* _About this exercise_:
Beginning at the top of the data below, write out every line exactly until you reach the line with "by case: near1 => o;", and include that line.

(Collected data)
Lemma tracked_start y D : D \in Ts i.+1 -> phi (fl i) \subset D ->
  in_open_simplex p D y -> tracked y i.+1.
Proof.
move=> DT iD oD D' D'T oD'.
rewrite (open_simplex_unique (triangulation_Ts (ltn_ord i)) D'T DT oD' oD).
by apply: witnessed_added => //; exists [::].
Qed.

Lemma reachable_of_tracked (h : 'I_N) y D : tracked y h -> D \in Ts h ->
  eps (fl h) \subset D -> in_open_simplex p D y -> reachable h.
Proof.
move=> tr DT hD oD; apply: (witnessed_removed (tr D DT oD)).
have hN := ltn_ord h; apply: contraTN hD => DT1.
exact: (flip_step_edge_gone p_inj (flip_step_Ts hN) (triangulation_Ts (ltnW hN)) DT1).
Qed.

Lemma reachable_of_common_triangle (h : 'I_N) j X : (i < j <= h)%N -> X \in Ts j ->
  phi (fl i) \subset X -> eps (fl h) \subset X -> reachable h.
Proof.
move=> /andP[ij jh] XT iX hX; have hN := ltn_ord h; have jN := leq_trans jh (ltnW hN).
have [c [d [a [b [pc ab Ta Tb]]]]] := flip_step_new_edge (flip_step_Ts (ltn_ord i)).
move: iX; rewrite pc subUset !sub1set => /andP[cX dX].
have [y1 [g1 o1 near1]] := exists_generic_near_edge p_inj
  (triangulation_Ts (ltn_ord i)) (triangulation_Ts jN) XT cX dX ab Ta Tb.
have iT x : phi (fl i) \subset [set c; d; x] by rewrite pc set2_sub_set3.
have tr1 : tracked y1 i.+1.
  by case: near1 => o;
    [exact: (tracked_start Ta (iT a) o) | exact: (tracked_start Tb (iT b) o)].
have wX : witnessed j X.
  by apply: (tracked_later g1 _ tr1) XT o1; rewrite ij jN.
have [a' [b' [c' [d' [ha cd Tc Td]]]]] := flip_step_old_edge (flip_step_Ts hN).
move: hX; rewrite ha subUset !sub1set => /andP[aX bX].
have [y2 [g2 o2 near2]] := exists_generic_near_edge p_inj
  (triangulation_Ts (ltnW hN)) (triangulation_Ts jN) XT aX bX cd Tc Td.
have tr2 : tracked y2 h.
  apply: (tracked_later g2 (t0 := j)); first by rewrite jh (ltnW hN).
  by move=> D DT oD; rewrite (open_simplex_unique (triangulation_Ts jN) DT XT oD o2).
have hT x : eps (fl h) \subset [set a'; b'; x] by rewrite ha set2_sub_set3.
by case: near2 => o;
  [exact: (reachable_of_tracked tr2 Tc (hT c') o)
  |exact: (reachable_of_tracked tr2 Td (hT d') o)].
Qed.
(* Suppose $\mathbf{a}=\{a_n\}_{n=1}^\infty$ and $\mathbf{b}=\{b_n\}_{n=1}^\infty$ are linearly recurrent sequences of complex numbers such that $|a_n-b_n|$ is bounded. Then the minimal polynomials of $\mathbf{a}$ and $\mathbf{b}$ have the same roots outside the unit circle, with the same multiplicities. In particular, $\max_k \mathrm{GR}^{(k)}(\mathbf{a})=\max_k\mathrm{GR}^{(k)}(\mathbf{b})$.
   Context: A linear recurrence is a relation $a_{n+d}+c_{d-1}a_{n+d-1}+\cdots+c_0a_n=0$ for all $n$ with constant complex coefficients; a sequence is linearly recurrent if it satisfies one, and its minimal polynomial is the unique monic characteristic polynomial $t^d+c_{d-1}t^{d-1}+\cdots+c_0$ of minimal degree of a linear recurrence it satisfies. For a complex sequence $\mathbf{a}$ and $k\ge1$, $\mathrm{GR}^{(k)}(\mathbf{a})=\limsup_{n\to\infty}|\det H_{n,k}|^{1/n}$, where $H_{n,k}$ is the $k\times k$ matrix with $(i,j)$ entry $a_{n+i+j}$ ($0\le i,j\le k-1$); $\mathrm{GR}^{(0)}(\mathbf{a})=1$. *)

From HB Require Import structures.
From mathcomp Require Import all_boot all_order all_algebra.
From mathcomp Require Import all_classical all_reals all_analysis.
From mathcomp Require Import complex.
Set Implicit Arguments. Unset Strict Implicit. Unset Printing Implicit Defensive.
Import Order.TTheory GRing.Theory Num.Theory.
Local Open Scope ring_scope.
(* The step error is a quotient: with d := x_i^[k] - x_i, the value Psi_i(x_i^[k]) is
   (alpha_i + 1) Q_i(x_i^[k]) times the inverted bracket B, and Phi_i(x_i^[k]) is the same
   factor times d B - alpha_i f(x_i^[k]); hence x_i^[k+1] - x_i = Phi_i(x_i^[k]) / Psi_i(x_i^[k]).
   The derivatives of f of order < alpha_i at x_i are determinants with two equal rows, so f
   vanishes to order alpha_i at x_i; consequently Phi_i vanishes to order alpha_i + 1 and Psi_i to
   order alpha_i - 1.  Taylor's formula with Lagrange remainder then gives
     x_i^[k+1] - x_i = d^2 (Phi_i^(alpha_i+1)(x_i) + d/(alpha_i+2) Phi_i^(alpha_i+2)(z))
                       / (alpha_i (alpha_i+1)
                          (Psi_i^(alpha_i-1)(x_i) + d/alpha_i Psi_i^(alpha_i)(w))).
   For |d| < delta := c q^(3^k) <= c the second factor of the numerator is at most
   delta (m A + M/(alpha_i+2)) and, by the hypothesis on c, the denominator exceeds
   c^2 (m A + M/(alpha_i+2)); so the error is below delta^3 / c^2 = c q^(3^(k+1)). *)

Set Implicit Arguments.
Unset Strict Implicit.
Local Open Scope R_scope.

Lemma Derive_nS (f : R -> R) k x : Derive_n f k.+1 x = Derive_n (Derive f) k x.
Proof. by rewrite -Nat.add_1_r -Derive_n_comp. Qed.

Definition vanishes_to (g : R -> R) (p : nat) (x0 : R) : Prop :=
  forall j, (j < p)%N -> Derive_n g j x0 = 0.

Lemma vanishes_to_le g p p' x0 : (p <= p')%N -> vanishes_to g p' x0 -> vanishes_to g p x0.
Proof. by move=> le_pp' g0 j lt_jp; apply: g0; apply: leq_trans le_pp'. Qed.

Lemma vanishes_to_Derive g p x0 : vanishes_to g p.+1 x0 -> vanishes_to (Derive g) p x0.
Proof. by move=> g0 j lt_jp; rewrite -Derive_nS; apply: g0. Qed.

Lemma vanishes_toZ c g p x0 : vanishes_to g p x0 -> vanishes_to (fun t => c * g t) p x0.
Proof. by move=> g0 j lt_jp; rewrite Derive_n_scal_l g0 // Rmult_0_r. Qed.

Section SmoothOn.
Variables a b : R.

Lemma locally_in_interval x : a < x < b -> locally x (fun y => a < y < b).
Proof. by case=> ax xb; apply: (locally_interval _ x (Finite a) (Finite b)). Qed.

Lemma smooth_on_locally g p x : smooth_on a b g -> a < x < b ->
  locally x (fun y => forall k, (k <= p)%coq_nat -> ex_derive_n g k y).
Proof. by move=> sg /locally_in_interval; apply: filter_imp => y y_in k _; apply: sg. Qed.

Lemma Derive_n_ext_on g h k x : (forall y, a < y < b -> g y = h y) -> a < x < b ->
  Derive_n g k x = Derive_n h k x.
Proof. by move=> gh /locally_in_interval x_in; apply/Derive_n_ext_loc/(filter_imp _ _ gh). Qed.

Lemma smooth_on_ext g h : (forall x, a < x < b -> g x = h x) ->
  smooth_on a b g -> smooth_on a b h.
Proof.
move=> gh sg k x x_in; apply: ex_derive_n_ext_loc (sg k x x_in).
exact: filter_imp gh (locally_in_interval x_in).
Qed.

Lemma smooth_onD g h : smooth_on a b g -> smooth_on a b h -> smooth_on a b (fun x => g x + h x).
Proof. by move=> sg sh k x x_in; apply: ex_derive_n_plus; apply: smooth_on_locally. Qed.

Lemma smooth_onB g h : smooth_on a b g -> smooth_on a b h -> smooth_on a b (fun x => g x - h x).
Proof. by move=> sg sh k x x_in; apply: ex_derive_n_minus; apply: smooth_on_locally. Qed.

Lemma smooth_on_cst c : smooth_on a b (fun _ => c).
Proof. by move=> k x _; apply: ex_derive_n_const. Qed.

Lemma smooth_on_sub_cst x0 : smooth_on a b (fun x => x - x0).
Proof.
apply: smooth_onB (smooth_on_cst _) => k x _.
by apply: (ex_derive_n_ext (pow^~ 1%N)) (ex_derive_n_pow _ _ _) => t; rewrite pow_1.
Qed.

Lemma smooth_on_Derive g : smooth_on a b g -> smooth_on a b (Derive g).
Proof.
move=> sg [|k] x x_in //.
by apply: (ex_derive_ext (Derive_n g k.+1)) (sg k.+2 x x_in) => t; rewrite Derive_nS.
Qed.

Lemma smooth_on_Derive_n g p : smooth_on a b g -> smooth_on a b (Derive_n g p).
Proof.
elim: p g => [|p IHp] g sg //.
by apply: smooth_on_ext _ (IHp _ (smooth_on_Derive sg)) => t _; rewrite Derive_nS.
Qed.

Lemma Derive_mult_on g h x : smooth_on a b g -> smooth_on a b h -> a < x < b ->
  Derive (fun t => g t * h t) x = Derive g x * h x + g x * Derive h x.
Proof. by move=> sg sh x_in; apply: Derive_mult; [apply: (sg 1%N) | apply: (sh 1%N)]. Qed.

Lemma Derive_n_multS g h k x : smooth_on a b g -> smooth_on a b h -> a < x < b ->
  Derive_n (fun t => g t * h t) k.+1 x =
  Derive_n (fun t => Derive g t * h t + g t * Derive h t) k x.
Proof.
move=> sg sh x_in; rewrite Derive_nS.
by apply: Derive_n_ext_on => // y; apply: Derive_mult_on.
Qed.

Lemma smooth_onM g h : smooth_on a b g -> smooth_on a b h -> smooth_on a b (fun t => g t * h t).
Proof.
suff: forall k g h, smooth_on a b g -> smooth_on a b h ->
    forall j x, (j <= k)%N -> a < x < b -> ex_derive_n (fun t => g t * h t) j x.
  by move=> prod_k sg sh k x; apply: prod_k (leqnn k).
elim=> [|k IHk] {}g {}h sg sh [|[|j]] x // le_jk x_in.
  by apply: ex_derive_mult; [apply: (sg 1%N) | apply: (sh 1%N)].
apply: (ex_derive_ext_loc (Derive_n (fun t => Derive g t * h t + g t * Derive h t) j)).
  by apply: filter_imp (locally_in_interval x_in) => y y_in; rewrite Derive_n_multS.
change (ex_derive_n (fun t => Derive g t * h t + g t * Derive h t) j.+1 x).
have IH' u v : smooth_on a b u -> smooth_on a b v ->
    locally x (fun y => forall i, (i <= j.+1)%coq_nat -> ex_derive_n (fun t => u t * v t) i y).
  move=> su sv; apply: filter_imp (locally_in_interval x_in) => y y_in i /leP le_ij.
  exact: IHk su sv i y (leq_trans le_ij le_jk) y_in.
by apply: ex_derive_n_plus; apply: IH'; try apply: smooth_on_Derive.
Qed.

Lemma Derive_n_plus_on g h k x : smooth_on a b g -> smooth_on a b h -> a < x < b ->
  Derive_n (fun t => g t + h t) k x = Derive_n g k x + Derive_n h k x.
Proof. by move=> sg sh x_in; apply: Derive_n_plus; apply: smooth_on_locally. Qed.

Lemma Derive_n_minus_on g h k x : smooth_on a b g -> smooth_on a b h -> a < x < b ->
  Derive_n (fun t => g t - h t) k x = Derive_n g k x - Derive_n h k x.
Proof. by move=> sg sh x_in; apply: Derive_n_minus; apply: smooth_on_locally. Qed.

Lemma smooth_on_sum N (F : 'I_N -> R -> R) : (forall c, smooth_on a b (F c)) ->
  smooth_on a b (fun x => \sum_(c < N) F c x)%R.
Proof.
elim: N F => [|N IHN] F sF.
  by apply: (smooth_on_ext (g := fun _ => 0)) (smooth_on_cst _) => x _; rewrite big_ord0.
apply: smooth_on_ext _ (smooth_onD (IHN _ (fun c => sF _)) (sF ord_max)) => x _.
by rewrite big_ord_recr.
Qed.

Lemma Derive_n_sum_on N (F : 'I_N -> R -> R) k x : (forall c, smooth_on a b (F c)) ->
  a < x < b ->
  Derive_n (fun x => \sum_(c < N) F c x)%R k x = (\sum_(c < N) Derive_n (F c) k x)%R.
Proof.
elim: N F => [|N IHN] F sF x_in.
  rewrite big_ord0 (Derive_n_ext _ (fun _ => 0)) => [|t]; last by rewrite big_ord0.
  by case: k => // k; rewrite Derive_n_const.
rewrite (Derive_n_ext _ (fun x => (\sum_(c < N) F (widen_ord (leqnSn N) c) x)%R + F ord_max x));
  last by move=> t; rewrite big_ord_recr.
rewrite Derive_n_plus_on ?IHN ?big_ord_recr //.
exact: smooth_on_sum.
Qed.

Ltac smooth_on_tac :=
  repeat first [ assumption | apply: smooth_on_sub_cst | apply: smooth_onB | apply: smooth_onM
               | apply: smooth_on_Derive | apply: smooth_on_cst ].

Lemma vanishes_toM g h p x0 : smooth_on a b g -> smooth_on a b h -> a < x0 < b ->
  vanishes_to g p x0 -> vanishes_to (fun t => g t * h t) p x0.
Proof.
elim: p g h => [|p IHp] g h sg sh x0_in g0 [|j] lt_jp //.
  by move: (g0 0%N lt_jp) => /= ->; rewrite Rmult_0_l.
have sg' := smooth_on_Derive sg; have sh' := smooth_on_Derive sh.
rewrite Derive_n_multS // Derive_n_plus_on ?IHp //; try smooth_on_tac.
- by rewrite Rplus_0_r.
- exact: vanishes_to_le (leqnSn p) g0.
- exact: vanishes_to_Derive.
Qed.

Lemma vanishes_toB g h p x0 : smooth_on a b g -> smooth_on a b h -> a < x0 < b ->
  vanishes_to g p x0 -> vanishes_to h p x0 -> vanishes_to (fun t => g t - h t) p x0.
Proof.
by move=> sg sh x0_in g0 h0 j lt_jp; rewrite Derive_n_minus_on // g0 // h0 // Rminus_0_r.
Qed.

Lemma Derive_n_sub_cst_mul g j x0 : smooth_on a b g -> a < x0 < b ->
  Derive_n (fun t => (t - x0) * g t) j x0 = INR j * Derive_n g j.-1 x0.
Proof.
elim: j g => [|j IHj] g sg x0_in; first by rewrite /=; ring.
rewrite Derive_n_multS //; last smooth_on_tac.
have D_sub t : Derive (fun t => t - x0) t = 1.
  by apply: is_derive_unique; auto_derive => //; ring.
rewrite (Derive_n_ext _ (fun t => g t + (t - x0) * Derive g t)); last first.
  by move=> t; rewrite D_sub Rmult_1_l.
rewrite Derive_n_plus_on ?IHj //; try smooth_on_tac.
by case: j {IHj} => [|j]; rewrite ?Derive_nS /=; ring.
Qed.

Lemma vanishes_to_sub_cst_mul g p x0 : smooth_on a b g -> a < x0 < b ->
  vanishes_to g p x0 -> vanishes_to (fun t => (t - x0) * g t) p.+1 x0.
Proof.
move=> sg x0_in g0 [|j] lt_jp; rewrite Derive_n_sub_cst_mul //= ?g0 //; ring.
Qed.

Lemma vanishes_to_Euler f p x0 : smooth_on a b f -> a < x0 < b -> vanishes_to f p x0 ->
  vanishes_to (fun x => (x - x0) * Derive f x - INR p * f x) p.+1 x0.
Proof.
move=> sf x0_in f0 j lt_jp.
rewrite Derive_n_minus_on // ?Derive_n_scal_l ?Derive_n_sub_cst_mul //; try smooth_on_tac.
have -> : INR j * Derive_n (Derive f) j.-1 x0 = INR j * Derive_n f j x0.
  by case: j {lt_jp} => [|j]; rewrite ?INR_0 ?Rmult_0_l // -Derive_nS.
rewrite -Rmult_minus_distr_r; move: lt_jp; rewrite ltnS leq_eqVlt => /orP[/eqP -> | lt_jp].
  by rewrite Rminus_eq_0 Rmult_0_l.
by rewrite f0 // Rmult_0_r.
Qed.

Lemma vanishes_to_Phi_shape f Q p x0 : smooth_on a b f -> smooth_on a b Q -> a < x0 < b ->
  vanishes_to f p x0 ->
  vanishes_to (fun x => (INR p + 1) * ((x - x0) * Derive f x - INR p * f x) * Q x
                        - (x - x0) * f x * Derive Q x) p.+1 x0.
Proof.
move=> sf sQ x0_in f0.
apply: vanishes_toB => //; try smooth_on_tac.
  apply: vanishes_toM => //; try smooth_on_tac.
  exact/vanishes_toZ/vanishes_to_Euler.
apply: vanishes_toM => //; try smooth_on_tac.
exact: vanishes_to_sub_cst_mul.
Qed.

Lemma vanishes_to_Psi_shape f Q e p x0 : smooth_on a b f -> smooth_on a b Q -> a < x0 < b ->
  vanishes_to f p.+1 x0 ->
  vanishes_to (fun x => e * Derive f x * Q x - f x * Derive Q x) p x0.
Proof.
move=> sf sQ x0_in f0.
apply: vanishes_toB => //; try smooth_on_tac.
  apply: vanishes_toM => //; try smooth_on_tac.
  exact/vanishes_toZ/vanishes_to_Derive.
apply: vanishes_toM => //; try smooth_on_tac.
exact: vanishes_to_le (leqnSn p) f0.
Qed.

Lemma smooth_on_Phi_shape f Q x0 e : smooth_on a b f -> smooth_on a b Q ->
  smooth_on a b (fun x => (e + 1) * ((x - x0) * Derive f x - e * f x) * Q x
                          - (x - x0) * f x * Derive Q x).
Proof. by move=> sf sQ; smooth_on_tac. Qed.

Lemma smooth_on_Psi_shape f Q e : smooth_on a b f -> smooth_on a b Q ->
  smooth_on a b (fun x => e * Derive f x * Q x - f x * Derive Q x).
Proof. by move=> sf sQ; smooth_on_tac. Qed.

* _Reply_:
Lemma tracked_start y D : D \in Ts i.+1 -> phi (fl i) \subset D ->
  in_open_simplex p D y -> tracked y i.+1.
Proof.
move=> DT iD oD D' D'T oD'.
rewrite (open_simplex_unique (triangulation_Ts (ltn_ord i)) D'T DT oD' oD).
by apply: witnessed_added => //; exists [::].
Qed.

Lemma reachable_of_tracked (h : 'I_N) y D : tracked y h -> D \in Ts h ->
  eps (fl h) \subset D -> in_open_simplex p D y -> reachable h.
Proof.
move=> tr DT hD oD; apply: (witnessed_removed (tr D DT oD)).
have hN := ltn_ord h; apply: contraTN hD => DT1.
exact: (flip_step_edge_gone p_inj (flip_step_Ts hN) (triangulation_Ts (ltnW hN)) DT1).
Qed.

Lemma reachable_of_common_triangle (h : 'I_N) j X : (i < j <= h)%N -> X \in Ts j ->
  phi (fl i) \subset X -> eps (fl h) \subset X -> reachable h.
Proof.
move=> /andP[ij jh] XT iX hX; have hN := ltn_ord h; have jN := leq_trans jh (ltnW hN).
have [c [d [a [b [pc ab Ta Tb]]]]] := flip_step_new_edge (flip_step_Ts (ltn_ord i)).
move: iX; rewrite pc subUset !sub1set => /andP[cX dX].
have [y1 [g1 o1 near1]] := exists_generic_near_edge p_inj
  (triangulation_Ts (ltn_ord i)) (triangulation_Ts jN) XT cX dX ab Ta Tb.
have iT x : phi (fl i) \subset [set c; d; x] by rewrite pc set2_sub_set3.
have tr1 : tracked y1 i.+1.
  by case: near1 => o;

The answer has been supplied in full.